### Your instructions
Between the line containing "move=> x_nru; rewrite" and the line containing "(* d_m(G) is" lies a run of lines; give that run again exactly, with both of those lines, and nothing else from the entries below.

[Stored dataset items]
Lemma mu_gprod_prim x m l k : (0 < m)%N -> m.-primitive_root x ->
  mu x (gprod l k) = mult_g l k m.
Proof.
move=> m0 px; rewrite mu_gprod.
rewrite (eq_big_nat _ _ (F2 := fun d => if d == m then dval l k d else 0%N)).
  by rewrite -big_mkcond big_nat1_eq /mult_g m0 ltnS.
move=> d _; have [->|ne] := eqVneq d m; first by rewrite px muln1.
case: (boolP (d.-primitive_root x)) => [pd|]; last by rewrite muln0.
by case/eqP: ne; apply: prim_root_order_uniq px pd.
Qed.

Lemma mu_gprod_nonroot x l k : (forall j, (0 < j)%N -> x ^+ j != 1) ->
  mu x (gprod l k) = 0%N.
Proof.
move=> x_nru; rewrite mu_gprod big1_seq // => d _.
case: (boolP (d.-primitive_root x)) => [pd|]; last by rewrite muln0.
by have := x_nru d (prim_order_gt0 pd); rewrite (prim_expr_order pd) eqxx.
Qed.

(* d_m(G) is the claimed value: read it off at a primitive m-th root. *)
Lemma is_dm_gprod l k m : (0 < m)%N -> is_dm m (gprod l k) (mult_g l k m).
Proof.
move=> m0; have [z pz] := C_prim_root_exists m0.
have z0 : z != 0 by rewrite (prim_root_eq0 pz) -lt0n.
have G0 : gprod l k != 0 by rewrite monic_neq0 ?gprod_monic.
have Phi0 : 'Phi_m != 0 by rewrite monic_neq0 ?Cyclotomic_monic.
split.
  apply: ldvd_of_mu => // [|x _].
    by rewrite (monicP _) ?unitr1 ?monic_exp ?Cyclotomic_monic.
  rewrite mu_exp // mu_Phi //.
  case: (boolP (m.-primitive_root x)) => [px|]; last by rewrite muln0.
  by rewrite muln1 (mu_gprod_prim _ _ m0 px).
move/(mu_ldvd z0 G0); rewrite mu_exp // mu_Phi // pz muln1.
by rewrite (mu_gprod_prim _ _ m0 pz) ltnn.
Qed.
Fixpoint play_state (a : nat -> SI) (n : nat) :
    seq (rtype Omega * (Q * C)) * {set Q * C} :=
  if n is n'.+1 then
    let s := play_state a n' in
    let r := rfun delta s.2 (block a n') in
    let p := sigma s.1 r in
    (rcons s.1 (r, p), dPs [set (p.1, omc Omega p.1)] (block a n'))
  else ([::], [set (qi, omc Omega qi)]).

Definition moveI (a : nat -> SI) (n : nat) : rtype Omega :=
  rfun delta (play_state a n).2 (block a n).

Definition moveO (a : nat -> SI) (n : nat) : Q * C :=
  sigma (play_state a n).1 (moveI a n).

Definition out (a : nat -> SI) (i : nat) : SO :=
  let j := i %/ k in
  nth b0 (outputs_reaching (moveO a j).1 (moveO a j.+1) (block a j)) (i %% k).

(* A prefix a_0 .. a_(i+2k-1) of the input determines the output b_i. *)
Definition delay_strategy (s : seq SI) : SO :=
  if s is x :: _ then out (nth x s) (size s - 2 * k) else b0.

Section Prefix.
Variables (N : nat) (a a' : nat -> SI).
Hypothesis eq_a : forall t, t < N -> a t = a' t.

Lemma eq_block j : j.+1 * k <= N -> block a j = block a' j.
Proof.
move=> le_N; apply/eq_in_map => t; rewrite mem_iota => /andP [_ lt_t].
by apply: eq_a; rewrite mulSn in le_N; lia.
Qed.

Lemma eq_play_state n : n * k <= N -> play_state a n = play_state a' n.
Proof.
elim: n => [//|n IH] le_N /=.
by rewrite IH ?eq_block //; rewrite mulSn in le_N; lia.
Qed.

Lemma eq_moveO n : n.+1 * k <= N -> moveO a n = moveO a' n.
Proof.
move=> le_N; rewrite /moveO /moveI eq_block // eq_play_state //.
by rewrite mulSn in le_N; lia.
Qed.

---

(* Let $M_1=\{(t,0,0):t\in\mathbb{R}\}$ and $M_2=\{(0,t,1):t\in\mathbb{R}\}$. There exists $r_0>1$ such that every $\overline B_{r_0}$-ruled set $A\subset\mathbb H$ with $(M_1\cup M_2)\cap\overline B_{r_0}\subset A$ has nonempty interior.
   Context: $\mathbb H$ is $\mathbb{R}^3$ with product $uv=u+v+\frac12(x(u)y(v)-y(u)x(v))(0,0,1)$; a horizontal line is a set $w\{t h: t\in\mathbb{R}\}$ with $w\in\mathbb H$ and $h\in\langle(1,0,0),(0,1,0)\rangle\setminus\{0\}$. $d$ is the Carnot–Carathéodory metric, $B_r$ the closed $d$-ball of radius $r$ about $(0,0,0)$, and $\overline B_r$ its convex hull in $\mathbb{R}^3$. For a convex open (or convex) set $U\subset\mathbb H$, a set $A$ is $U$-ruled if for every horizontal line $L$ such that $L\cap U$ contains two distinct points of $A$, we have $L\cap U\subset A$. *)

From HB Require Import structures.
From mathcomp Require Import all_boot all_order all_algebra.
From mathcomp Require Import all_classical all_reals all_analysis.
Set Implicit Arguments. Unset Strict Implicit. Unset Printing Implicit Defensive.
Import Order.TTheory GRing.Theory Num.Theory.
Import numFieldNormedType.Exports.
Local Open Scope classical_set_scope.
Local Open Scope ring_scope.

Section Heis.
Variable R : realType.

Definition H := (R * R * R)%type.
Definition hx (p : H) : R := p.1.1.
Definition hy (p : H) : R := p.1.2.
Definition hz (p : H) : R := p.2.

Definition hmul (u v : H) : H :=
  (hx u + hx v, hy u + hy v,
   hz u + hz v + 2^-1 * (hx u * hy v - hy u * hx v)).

==

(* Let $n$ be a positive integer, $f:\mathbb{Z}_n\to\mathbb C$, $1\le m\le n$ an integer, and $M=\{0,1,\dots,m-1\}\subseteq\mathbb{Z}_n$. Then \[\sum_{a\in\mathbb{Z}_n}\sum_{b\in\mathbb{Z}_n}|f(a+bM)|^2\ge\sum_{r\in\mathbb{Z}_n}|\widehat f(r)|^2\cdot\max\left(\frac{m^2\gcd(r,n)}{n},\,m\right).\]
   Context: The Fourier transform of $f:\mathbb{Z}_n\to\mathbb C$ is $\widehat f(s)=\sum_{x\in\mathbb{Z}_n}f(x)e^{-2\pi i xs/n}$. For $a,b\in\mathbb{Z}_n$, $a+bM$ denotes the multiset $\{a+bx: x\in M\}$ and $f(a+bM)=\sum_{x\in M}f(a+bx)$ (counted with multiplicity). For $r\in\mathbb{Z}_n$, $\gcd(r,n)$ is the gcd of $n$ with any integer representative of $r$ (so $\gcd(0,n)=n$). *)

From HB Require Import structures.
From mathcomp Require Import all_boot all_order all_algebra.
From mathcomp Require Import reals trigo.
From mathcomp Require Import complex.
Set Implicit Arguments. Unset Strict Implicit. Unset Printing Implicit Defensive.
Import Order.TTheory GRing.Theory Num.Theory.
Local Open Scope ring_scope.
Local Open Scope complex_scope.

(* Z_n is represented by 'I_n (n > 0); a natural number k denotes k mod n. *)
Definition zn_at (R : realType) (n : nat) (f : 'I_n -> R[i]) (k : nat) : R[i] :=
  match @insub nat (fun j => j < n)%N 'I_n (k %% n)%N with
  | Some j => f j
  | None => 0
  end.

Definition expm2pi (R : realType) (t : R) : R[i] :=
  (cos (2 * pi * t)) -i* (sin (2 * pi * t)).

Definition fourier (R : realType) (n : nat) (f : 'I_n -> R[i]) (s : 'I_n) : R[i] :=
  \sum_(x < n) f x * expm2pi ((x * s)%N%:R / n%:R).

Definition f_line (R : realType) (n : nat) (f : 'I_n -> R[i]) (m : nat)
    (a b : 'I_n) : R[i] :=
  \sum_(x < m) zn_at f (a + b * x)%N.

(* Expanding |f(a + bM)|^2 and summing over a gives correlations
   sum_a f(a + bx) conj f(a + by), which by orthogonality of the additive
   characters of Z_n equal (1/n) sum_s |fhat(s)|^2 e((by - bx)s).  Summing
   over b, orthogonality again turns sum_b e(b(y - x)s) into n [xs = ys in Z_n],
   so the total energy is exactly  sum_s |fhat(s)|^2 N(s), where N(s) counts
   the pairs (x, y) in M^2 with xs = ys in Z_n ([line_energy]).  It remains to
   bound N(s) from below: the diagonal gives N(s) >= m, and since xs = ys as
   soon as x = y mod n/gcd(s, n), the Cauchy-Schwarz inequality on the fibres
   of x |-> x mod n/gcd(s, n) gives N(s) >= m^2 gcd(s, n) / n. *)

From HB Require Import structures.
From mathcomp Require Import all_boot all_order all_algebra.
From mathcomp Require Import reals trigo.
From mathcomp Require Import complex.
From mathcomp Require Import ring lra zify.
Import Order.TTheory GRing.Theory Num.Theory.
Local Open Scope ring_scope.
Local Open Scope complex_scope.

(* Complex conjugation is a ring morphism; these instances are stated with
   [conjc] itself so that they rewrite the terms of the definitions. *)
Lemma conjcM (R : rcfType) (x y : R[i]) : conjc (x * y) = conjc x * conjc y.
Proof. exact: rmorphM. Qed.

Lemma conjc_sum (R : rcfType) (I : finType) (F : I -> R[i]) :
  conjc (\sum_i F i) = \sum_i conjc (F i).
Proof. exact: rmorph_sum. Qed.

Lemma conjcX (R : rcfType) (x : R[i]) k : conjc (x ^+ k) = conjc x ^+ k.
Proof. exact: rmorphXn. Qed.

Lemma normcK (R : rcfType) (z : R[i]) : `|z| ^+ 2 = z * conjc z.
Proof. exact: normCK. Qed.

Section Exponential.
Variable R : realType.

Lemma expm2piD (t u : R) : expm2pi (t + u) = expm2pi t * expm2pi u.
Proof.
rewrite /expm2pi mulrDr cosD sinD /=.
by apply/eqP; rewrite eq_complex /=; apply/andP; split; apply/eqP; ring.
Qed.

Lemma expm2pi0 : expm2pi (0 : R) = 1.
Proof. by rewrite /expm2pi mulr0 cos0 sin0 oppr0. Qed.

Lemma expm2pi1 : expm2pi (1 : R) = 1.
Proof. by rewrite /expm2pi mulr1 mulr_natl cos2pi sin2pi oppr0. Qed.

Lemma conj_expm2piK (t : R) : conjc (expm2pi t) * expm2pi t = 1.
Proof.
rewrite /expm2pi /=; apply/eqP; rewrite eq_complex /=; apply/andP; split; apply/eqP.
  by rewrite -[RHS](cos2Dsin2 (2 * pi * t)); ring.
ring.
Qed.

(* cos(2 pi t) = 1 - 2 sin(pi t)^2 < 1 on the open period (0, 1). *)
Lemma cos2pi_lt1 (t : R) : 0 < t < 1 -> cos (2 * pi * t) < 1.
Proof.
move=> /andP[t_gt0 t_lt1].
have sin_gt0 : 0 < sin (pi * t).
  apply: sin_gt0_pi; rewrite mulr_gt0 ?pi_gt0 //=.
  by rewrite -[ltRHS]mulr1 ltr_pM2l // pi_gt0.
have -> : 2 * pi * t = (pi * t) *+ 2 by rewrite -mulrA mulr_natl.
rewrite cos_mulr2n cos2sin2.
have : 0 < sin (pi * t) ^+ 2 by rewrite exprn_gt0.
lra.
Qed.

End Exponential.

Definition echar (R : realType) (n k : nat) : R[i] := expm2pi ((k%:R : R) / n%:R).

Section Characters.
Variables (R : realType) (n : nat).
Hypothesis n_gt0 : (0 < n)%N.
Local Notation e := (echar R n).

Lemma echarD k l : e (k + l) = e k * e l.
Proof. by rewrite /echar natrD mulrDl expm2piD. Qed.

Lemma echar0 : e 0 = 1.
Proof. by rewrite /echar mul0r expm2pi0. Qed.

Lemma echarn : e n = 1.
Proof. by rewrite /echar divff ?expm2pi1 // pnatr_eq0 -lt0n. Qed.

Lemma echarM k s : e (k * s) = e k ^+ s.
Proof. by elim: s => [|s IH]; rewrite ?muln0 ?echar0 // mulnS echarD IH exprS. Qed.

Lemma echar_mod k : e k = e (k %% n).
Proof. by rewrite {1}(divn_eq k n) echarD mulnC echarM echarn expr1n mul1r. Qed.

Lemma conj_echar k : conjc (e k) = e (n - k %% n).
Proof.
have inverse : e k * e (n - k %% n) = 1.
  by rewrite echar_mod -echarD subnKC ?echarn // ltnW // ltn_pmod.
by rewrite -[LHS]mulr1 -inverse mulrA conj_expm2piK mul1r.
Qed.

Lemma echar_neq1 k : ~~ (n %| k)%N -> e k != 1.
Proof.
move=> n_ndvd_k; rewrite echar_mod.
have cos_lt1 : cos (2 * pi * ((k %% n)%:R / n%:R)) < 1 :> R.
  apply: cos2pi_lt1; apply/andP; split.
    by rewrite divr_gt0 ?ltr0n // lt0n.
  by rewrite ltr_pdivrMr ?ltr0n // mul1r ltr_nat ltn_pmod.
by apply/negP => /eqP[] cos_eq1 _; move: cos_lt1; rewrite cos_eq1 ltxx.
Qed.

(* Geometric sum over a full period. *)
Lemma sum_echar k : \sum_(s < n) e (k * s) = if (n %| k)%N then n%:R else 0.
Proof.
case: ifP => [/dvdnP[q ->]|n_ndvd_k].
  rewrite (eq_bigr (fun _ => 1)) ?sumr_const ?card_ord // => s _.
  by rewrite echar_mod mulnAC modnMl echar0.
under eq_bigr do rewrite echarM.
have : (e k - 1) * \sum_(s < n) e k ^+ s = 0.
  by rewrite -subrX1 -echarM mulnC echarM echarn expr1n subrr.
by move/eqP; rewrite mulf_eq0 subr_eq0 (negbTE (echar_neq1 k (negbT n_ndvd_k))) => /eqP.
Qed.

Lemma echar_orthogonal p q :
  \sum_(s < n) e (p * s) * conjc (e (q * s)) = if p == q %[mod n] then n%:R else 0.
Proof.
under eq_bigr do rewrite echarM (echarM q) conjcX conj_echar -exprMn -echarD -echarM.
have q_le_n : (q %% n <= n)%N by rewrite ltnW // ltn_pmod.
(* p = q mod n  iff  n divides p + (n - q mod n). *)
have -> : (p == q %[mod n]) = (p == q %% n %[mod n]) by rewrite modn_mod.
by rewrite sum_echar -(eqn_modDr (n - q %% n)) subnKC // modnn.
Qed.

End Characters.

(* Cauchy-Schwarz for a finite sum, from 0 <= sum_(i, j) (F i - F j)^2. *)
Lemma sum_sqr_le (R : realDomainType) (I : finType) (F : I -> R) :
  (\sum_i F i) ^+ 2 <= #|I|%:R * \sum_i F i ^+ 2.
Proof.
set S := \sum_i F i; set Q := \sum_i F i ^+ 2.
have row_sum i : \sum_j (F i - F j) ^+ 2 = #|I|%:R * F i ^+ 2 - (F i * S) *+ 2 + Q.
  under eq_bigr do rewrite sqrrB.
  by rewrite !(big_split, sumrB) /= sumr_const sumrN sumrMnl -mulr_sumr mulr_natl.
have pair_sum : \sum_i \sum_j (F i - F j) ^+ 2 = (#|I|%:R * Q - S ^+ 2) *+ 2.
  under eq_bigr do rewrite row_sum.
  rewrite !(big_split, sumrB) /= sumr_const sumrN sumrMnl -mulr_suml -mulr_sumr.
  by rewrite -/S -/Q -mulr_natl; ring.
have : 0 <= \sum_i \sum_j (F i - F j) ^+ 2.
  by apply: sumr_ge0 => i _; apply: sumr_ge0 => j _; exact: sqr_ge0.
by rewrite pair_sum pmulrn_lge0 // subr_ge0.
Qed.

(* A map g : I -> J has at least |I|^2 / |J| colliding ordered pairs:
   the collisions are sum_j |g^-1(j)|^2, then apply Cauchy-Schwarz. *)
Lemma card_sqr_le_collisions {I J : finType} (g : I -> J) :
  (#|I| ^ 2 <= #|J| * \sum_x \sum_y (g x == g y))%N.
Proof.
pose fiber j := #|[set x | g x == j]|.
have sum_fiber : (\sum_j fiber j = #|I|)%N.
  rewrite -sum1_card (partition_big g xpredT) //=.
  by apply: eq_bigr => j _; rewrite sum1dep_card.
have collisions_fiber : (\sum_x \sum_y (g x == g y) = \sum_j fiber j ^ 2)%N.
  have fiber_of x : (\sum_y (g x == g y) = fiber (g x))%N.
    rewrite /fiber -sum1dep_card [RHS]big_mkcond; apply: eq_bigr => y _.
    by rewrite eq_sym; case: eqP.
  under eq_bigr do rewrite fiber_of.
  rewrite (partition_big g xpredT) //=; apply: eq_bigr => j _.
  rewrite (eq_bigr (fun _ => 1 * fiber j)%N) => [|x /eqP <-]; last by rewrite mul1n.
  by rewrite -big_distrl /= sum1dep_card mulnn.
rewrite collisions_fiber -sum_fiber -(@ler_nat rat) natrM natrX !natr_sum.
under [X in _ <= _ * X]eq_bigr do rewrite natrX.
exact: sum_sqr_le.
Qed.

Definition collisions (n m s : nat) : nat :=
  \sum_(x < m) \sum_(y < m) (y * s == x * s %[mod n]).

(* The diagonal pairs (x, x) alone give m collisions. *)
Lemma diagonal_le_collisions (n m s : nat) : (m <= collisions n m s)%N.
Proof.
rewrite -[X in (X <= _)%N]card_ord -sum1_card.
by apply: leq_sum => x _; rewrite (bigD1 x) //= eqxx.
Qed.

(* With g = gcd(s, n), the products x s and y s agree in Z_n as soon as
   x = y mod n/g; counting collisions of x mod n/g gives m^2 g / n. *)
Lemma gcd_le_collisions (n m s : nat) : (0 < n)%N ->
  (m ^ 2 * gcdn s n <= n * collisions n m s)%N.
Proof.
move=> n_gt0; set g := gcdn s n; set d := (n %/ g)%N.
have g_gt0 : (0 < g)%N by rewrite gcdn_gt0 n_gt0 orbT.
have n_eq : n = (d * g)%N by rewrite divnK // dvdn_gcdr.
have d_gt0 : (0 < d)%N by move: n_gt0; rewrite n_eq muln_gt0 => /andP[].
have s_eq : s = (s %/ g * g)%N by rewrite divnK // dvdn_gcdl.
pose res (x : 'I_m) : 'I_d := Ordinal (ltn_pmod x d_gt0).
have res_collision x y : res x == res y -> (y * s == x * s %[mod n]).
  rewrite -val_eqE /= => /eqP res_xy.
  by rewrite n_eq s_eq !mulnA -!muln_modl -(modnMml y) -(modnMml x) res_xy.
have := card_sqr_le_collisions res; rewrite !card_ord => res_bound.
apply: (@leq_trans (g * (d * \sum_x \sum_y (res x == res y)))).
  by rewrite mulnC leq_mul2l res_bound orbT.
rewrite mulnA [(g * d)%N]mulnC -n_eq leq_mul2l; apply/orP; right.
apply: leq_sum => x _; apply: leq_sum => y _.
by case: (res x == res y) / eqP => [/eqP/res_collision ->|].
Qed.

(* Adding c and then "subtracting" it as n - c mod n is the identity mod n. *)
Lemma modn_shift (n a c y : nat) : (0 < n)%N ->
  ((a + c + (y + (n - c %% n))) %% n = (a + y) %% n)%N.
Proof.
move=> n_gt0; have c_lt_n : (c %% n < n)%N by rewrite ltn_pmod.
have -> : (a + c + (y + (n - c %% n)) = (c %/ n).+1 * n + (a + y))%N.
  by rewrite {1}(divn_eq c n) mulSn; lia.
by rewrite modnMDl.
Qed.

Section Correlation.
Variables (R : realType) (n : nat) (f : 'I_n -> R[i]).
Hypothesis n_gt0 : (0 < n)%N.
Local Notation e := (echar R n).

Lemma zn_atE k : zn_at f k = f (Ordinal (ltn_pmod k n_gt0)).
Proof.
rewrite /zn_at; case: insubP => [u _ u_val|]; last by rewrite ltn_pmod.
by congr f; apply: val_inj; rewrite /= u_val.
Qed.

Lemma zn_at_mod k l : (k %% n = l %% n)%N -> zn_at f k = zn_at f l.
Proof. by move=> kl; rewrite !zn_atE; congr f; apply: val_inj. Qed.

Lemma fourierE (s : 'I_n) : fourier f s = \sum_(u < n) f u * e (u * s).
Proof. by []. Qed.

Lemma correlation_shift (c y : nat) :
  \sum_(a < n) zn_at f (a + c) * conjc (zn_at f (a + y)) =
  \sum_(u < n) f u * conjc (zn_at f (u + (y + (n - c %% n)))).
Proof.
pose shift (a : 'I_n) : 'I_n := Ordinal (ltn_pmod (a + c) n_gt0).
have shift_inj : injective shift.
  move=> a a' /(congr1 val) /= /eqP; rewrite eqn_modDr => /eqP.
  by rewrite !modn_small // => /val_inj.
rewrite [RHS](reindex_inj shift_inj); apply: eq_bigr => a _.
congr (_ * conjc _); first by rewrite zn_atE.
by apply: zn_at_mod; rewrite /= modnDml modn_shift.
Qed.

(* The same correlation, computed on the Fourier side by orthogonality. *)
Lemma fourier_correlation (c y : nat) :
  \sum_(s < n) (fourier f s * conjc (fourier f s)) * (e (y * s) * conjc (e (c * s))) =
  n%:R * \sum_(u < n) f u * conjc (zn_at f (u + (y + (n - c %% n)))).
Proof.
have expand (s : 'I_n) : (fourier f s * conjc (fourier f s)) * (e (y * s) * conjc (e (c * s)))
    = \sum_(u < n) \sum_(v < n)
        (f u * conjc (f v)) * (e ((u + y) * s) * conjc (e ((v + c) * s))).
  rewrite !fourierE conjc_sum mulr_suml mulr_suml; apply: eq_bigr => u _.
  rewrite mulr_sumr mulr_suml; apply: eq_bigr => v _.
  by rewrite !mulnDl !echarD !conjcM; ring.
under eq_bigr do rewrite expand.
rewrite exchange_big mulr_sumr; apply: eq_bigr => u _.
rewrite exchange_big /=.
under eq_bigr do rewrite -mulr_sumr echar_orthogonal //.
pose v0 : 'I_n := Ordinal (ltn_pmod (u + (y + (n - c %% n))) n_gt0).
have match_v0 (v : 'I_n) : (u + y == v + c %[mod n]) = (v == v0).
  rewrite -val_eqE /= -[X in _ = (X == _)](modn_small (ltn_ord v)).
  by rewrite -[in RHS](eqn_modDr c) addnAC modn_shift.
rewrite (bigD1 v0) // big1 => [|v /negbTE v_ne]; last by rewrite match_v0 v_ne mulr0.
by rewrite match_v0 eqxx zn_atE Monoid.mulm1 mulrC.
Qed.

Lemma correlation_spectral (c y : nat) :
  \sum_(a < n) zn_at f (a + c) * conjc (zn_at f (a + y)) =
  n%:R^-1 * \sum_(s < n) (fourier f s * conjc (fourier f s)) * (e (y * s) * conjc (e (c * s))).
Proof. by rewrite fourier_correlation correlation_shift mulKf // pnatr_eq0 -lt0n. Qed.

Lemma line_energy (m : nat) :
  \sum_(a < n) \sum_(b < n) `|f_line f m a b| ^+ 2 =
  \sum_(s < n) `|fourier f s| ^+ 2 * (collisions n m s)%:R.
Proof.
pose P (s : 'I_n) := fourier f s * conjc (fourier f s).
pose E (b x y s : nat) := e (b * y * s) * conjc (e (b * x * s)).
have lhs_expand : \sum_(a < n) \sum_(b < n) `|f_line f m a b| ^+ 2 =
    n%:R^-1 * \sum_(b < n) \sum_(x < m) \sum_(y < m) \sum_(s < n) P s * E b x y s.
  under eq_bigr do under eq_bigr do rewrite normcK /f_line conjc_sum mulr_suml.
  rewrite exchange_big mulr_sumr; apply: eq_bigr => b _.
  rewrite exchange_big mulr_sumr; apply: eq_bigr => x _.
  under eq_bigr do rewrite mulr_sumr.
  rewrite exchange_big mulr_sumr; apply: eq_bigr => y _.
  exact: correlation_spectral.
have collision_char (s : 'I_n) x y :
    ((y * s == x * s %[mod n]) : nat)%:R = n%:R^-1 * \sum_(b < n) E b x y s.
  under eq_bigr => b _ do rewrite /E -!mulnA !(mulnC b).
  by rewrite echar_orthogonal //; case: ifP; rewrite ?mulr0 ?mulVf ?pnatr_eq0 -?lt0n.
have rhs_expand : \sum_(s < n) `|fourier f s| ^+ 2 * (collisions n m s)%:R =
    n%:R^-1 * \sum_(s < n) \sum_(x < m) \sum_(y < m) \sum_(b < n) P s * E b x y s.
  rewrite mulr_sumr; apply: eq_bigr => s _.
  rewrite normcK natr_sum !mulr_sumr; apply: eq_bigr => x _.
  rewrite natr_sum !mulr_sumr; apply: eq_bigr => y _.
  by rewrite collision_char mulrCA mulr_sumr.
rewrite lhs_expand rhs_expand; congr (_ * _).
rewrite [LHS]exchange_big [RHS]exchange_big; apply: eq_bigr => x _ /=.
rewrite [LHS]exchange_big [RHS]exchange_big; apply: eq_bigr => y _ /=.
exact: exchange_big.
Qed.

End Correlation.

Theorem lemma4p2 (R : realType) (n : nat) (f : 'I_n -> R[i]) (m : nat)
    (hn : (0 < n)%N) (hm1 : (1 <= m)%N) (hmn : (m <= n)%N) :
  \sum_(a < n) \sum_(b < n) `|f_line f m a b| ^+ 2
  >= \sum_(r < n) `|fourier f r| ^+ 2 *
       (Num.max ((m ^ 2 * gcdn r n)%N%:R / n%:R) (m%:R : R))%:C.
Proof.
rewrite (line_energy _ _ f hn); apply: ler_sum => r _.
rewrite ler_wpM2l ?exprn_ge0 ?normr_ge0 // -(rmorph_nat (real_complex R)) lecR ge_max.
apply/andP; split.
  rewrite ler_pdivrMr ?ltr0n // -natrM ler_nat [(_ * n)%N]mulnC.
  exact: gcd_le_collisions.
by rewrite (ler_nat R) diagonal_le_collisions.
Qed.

### Response box
move=> x_nru; rewrite mu_gprod big1_seq // => d _.
case: (boolP (d.-primitive_root x)) => [pd|]; last by rewrite muln0.
by have := x_nru d (prim_order_gt0 pd); rewrite (prim_expr_order pd) eqxx.
Qed.

(* d_m(G) is the claimed value: read it off at a primitive m-th root. *)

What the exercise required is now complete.